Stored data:
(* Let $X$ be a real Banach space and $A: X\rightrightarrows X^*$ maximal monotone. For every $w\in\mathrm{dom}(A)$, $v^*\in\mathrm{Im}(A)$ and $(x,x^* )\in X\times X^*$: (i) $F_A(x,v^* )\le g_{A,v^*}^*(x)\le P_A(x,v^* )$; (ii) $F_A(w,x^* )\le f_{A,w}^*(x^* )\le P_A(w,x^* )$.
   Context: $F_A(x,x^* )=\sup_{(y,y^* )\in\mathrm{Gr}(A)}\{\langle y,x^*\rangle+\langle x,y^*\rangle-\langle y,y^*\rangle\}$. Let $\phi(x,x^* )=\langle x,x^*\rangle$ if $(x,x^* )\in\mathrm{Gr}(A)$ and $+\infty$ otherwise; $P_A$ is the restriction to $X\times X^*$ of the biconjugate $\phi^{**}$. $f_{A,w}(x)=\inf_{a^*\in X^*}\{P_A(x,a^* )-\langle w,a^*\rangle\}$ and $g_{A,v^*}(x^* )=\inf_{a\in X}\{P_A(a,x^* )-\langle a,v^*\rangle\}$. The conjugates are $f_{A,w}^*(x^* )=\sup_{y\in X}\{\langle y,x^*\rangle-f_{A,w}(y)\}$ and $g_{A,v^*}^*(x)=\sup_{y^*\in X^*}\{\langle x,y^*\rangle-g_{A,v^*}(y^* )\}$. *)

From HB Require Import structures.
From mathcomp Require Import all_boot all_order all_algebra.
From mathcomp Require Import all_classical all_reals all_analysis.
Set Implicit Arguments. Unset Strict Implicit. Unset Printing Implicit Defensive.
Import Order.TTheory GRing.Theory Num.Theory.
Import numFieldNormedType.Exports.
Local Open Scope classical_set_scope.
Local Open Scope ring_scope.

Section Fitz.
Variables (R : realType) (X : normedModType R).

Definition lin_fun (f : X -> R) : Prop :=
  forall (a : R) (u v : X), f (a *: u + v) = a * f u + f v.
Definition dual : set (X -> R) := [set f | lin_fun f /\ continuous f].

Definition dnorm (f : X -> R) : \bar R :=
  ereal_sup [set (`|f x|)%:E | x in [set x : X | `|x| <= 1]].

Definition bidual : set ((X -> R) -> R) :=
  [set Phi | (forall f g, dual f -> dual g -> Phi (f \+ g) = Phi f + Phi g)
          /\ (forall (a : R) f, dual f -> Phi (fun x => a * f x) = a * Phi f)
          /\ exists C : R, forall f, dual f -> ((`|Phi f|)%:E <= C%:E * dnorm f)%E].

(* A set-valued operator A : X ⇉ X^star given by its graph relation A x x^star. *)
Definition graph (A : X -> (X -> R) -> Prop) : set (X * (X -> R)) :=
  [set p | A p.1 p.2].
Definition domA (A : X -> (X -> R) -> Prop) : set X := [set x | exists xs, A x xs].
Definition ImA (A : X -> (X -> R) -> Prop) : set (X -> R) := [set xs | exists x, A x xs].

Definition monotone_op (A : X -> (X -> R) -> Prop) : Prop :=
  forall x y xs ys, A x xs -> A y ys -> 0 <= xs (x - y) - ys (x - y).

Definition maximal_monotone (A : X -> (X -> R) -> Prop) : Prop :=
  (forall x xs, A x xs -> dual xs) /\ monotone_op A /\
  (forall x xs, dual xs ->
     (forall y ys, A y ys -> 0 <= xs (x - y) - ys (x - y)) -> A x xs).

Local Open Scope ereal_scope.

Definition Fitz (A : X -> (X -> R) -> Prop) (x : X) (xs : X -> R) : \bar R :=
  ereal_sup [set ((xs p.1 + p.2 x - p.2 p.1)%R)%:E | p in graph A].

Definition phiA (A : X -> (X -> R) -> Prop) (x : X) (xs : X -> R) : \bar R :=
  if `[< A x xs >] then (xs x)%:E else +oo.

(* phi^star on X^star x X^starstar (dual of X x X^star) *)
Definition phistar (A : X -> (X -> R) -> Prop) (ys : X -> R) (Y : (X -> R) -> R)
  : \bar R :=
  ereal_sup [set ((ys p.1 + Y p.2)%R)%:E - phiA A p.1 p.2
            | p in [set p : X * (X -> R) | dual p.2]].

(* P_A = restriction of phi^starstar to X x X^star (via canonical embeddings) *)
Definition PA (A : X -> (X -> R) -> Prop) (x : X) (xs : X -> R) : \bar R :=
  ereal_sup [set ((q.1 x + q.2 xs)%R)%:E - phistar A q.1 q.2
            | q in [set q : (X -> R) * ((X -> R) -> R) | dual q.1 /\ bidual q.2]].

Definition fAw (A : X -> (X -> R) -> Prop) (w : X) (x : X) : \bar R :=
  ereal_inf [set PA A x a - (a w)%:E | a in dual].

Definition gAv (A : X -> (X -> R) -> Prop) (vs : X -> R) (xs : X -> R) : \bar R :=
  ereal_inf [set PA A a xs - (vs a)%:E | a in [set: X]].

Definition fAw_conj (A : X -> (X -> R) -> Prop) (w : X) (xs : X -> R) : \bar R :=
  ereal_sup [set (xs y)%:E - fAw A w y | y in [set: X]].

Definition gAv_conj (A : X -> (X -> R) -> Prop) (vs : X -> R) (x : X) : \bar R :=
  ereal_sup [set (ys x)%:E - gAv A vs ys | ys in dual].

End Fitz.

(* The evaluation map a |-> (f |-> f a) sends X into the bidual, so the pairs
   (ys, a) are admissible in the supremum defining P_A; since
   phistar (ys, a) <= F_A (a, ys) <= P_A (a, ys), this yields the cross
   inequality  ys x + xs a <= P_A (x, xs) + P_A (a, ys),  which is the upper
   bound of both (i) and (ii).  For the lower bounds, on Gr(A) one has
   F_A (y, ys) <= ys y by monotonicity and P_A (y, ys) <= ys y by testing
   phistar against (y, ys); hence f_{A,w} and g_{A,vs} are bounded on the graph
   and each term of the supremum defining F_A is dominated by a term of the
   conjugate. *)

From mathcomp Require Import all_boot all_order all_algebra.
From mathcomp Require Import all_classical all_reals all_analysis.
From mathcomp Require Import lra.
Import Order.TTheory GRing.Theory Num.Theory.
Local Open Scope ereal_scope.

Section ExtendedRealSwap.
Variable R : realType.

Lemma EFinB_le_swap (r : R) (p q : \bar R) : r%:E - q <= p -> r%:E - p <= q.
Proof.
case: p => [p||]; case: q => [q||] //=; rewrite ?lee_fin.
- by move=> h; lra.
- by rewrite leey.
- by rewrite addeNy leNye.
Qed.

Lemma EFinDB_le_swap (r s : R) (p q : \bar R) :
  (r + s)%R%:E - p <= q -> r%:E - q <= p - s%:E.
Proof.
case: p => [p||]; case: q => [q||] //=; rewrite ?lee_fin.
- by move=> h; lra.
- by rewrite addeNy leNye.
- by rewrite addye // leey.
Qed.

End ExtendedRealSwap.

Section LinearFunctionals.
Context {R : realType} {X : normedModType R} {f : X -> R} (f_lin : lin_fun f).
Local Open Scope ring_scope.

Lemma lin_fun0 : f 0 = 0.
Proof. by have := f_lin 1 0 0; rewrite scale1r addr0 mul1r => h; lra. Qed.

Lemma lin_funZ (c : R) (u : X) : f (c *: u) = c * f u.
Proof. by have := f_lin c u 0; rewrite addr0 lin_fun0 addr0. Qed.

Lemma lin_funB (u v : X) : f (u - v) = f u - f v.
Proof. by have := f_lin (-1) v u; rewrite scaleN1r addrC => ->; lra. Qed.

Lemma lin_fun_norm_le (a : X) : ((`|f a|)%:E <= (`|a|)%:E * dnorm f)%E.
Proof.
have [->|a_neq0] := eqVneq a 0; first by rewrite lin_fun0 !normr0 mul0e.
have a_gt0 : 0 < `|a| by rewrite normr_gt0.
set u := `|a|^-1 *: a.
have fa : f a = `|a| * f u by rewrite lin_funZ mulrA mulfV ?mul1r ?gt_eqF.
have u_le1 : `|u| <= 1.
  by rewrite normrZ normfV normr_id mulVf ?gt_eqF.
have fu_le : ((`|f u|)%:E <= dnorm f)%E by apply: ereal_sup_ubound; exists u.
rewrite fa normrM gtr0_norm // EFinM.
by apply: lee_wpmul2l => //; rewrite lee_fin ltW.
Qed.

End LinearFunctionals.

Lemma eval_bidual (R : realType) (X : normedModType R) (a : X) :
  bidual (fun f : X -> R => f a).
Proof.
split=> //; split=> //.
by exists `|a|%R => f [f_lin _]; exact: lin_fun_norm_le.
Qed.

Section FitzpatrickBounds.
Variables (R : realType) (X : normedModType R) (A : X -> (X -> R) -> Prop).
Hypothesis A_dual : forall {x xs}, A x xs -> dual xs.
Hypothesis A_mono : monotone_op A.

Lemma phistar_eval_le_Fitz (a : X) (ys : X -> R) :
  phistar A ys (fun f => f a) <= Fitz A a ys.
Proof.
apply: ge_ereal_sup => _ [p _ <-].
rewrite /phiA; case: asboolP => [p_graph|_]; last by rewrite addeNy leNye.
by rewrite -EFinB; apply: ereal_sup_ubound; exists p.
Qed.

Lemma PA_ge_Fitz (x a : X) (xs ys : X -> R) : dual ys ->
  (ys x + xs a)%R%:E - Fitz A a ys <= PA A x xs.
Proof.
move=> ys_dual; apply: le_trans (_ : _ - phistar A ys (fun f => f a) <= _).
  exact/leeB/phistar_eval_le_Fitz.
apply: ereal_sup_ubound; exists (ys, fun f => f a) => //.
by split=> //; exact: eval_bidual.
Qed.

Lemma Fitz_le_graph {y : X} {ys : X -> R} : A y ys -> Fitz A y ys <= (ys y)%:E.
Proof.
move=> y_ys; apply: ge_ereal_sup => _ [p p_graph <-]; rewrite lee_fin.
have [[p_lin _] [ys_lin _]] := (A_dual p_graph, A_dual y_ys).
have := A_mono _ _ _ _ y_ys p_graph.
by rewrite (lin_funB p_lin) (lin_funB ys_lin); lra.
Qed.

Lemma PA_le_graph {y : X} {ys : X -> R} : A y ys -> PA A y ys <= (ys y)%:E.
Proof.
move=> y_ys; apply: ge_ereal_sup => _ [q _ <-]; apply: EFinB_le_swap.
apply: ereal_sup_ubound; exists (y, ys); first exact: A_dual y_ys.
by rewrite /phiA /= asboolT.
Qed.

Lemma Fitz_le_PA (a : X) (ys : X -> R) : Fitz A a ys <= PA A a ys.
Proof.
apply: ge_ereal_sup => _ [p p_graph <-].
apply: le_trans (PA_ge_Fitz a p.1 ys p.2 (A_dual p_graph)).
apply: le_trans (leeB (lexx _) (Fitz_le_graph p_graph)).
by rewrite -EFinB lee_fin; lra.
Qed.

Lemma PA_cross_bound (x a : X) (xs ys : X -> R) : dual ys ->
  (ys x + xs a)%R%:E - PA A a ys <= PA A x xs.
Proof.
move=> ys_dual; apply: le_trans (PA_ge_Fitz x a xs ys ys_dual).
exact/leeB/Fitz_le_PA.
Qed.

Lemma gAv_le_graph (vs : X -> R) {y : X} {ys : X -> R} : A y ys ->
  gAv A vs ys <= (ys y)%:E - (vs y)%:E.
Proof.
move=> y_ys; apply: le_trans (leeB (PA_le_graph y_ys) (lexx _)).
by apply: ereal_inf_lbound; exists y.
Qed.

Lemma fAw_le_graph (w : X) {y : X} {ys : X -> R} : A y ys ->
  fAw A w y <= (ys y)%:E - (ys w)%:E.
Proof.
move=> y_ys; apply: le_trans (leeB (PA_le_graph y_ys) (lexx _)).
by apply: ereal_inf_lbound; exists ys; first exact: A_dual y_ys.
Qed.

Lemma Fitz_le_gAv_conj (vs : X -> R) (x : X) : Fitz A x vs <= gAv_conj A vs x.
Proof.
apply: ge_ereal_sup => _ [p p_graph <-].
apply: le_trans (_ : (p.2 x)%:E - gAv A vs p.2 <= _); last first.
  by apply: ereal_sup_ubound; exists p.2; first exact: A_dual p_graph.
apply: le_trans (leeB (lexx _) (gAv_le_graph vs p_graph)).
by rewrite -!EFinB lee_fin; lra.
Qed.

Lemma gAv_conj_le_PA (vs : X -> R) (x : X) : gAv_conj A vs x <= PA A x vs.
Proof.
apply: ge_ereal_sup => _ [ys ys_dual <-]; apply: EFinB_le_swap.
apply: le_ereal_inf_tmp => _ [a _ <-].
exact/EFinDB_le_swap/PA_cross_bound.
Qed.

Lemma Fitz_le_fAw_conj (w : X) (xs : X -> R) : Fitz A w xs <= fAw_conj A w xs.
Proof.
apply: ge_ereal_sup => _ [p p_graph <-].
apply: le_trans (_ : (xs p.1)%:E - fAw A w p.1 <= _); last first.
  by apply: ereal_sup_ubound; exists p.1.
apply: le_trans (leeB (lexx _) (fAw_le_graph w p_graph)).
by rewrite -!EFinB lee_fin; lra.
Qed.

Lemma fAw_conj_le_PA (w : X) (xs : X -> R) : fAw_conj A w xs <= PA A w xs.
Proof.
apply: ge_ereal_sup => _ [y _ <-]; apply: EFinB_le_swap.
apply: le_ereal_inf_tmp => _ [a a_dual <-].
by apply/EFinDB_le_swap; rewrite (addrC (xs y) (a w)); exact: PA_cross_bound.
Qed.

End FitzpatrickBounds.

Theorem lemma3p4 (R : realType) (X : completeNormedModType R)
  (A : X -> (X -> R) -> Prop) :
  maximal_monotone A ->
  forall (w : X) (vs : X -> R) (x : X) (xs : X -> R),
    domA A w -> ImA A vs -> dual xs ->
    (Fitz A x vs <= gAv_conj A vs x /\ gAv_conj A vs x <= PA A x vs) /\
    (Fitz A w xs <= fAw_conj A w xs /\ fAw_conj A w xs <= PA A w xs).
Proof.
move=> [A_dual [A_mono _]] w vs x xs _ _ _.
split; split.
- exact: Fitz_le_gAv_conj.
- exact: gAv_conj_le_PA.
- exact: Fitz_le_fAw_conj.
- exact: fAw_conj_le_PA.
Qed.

TASK STATEMENT.
All that belongs in your answer is the stretch of entries above from the line with "R) | dual p.2]]." through the line with "ereal_inf [set PA A x", printed exactly.

ANSWER.
            | p in [set p : X * (X -> R) | dual p.2]].

(* P_A = restriction of phi^starstar to X x X^star (via canonical embeddings) *)
Definition PA (A : X -> (X -> R) -> Prop) (x : X) (xs : X -> R) : \bar R :=
  ereal_sup [set ((q.1 x + q.2 xs)%R)%:E - phistar A q.1 q.2
            | q in [set q : (X -> R) * ((X -> R) -> R) | dual q.1 /\ bidual q.2]].

Definition fAw (A : X -> (X -> R) -> Prop) (w : X) (x : X) : \bar R :=
  ereal_inf [set PA A x a - (a w)%:E | a in dual].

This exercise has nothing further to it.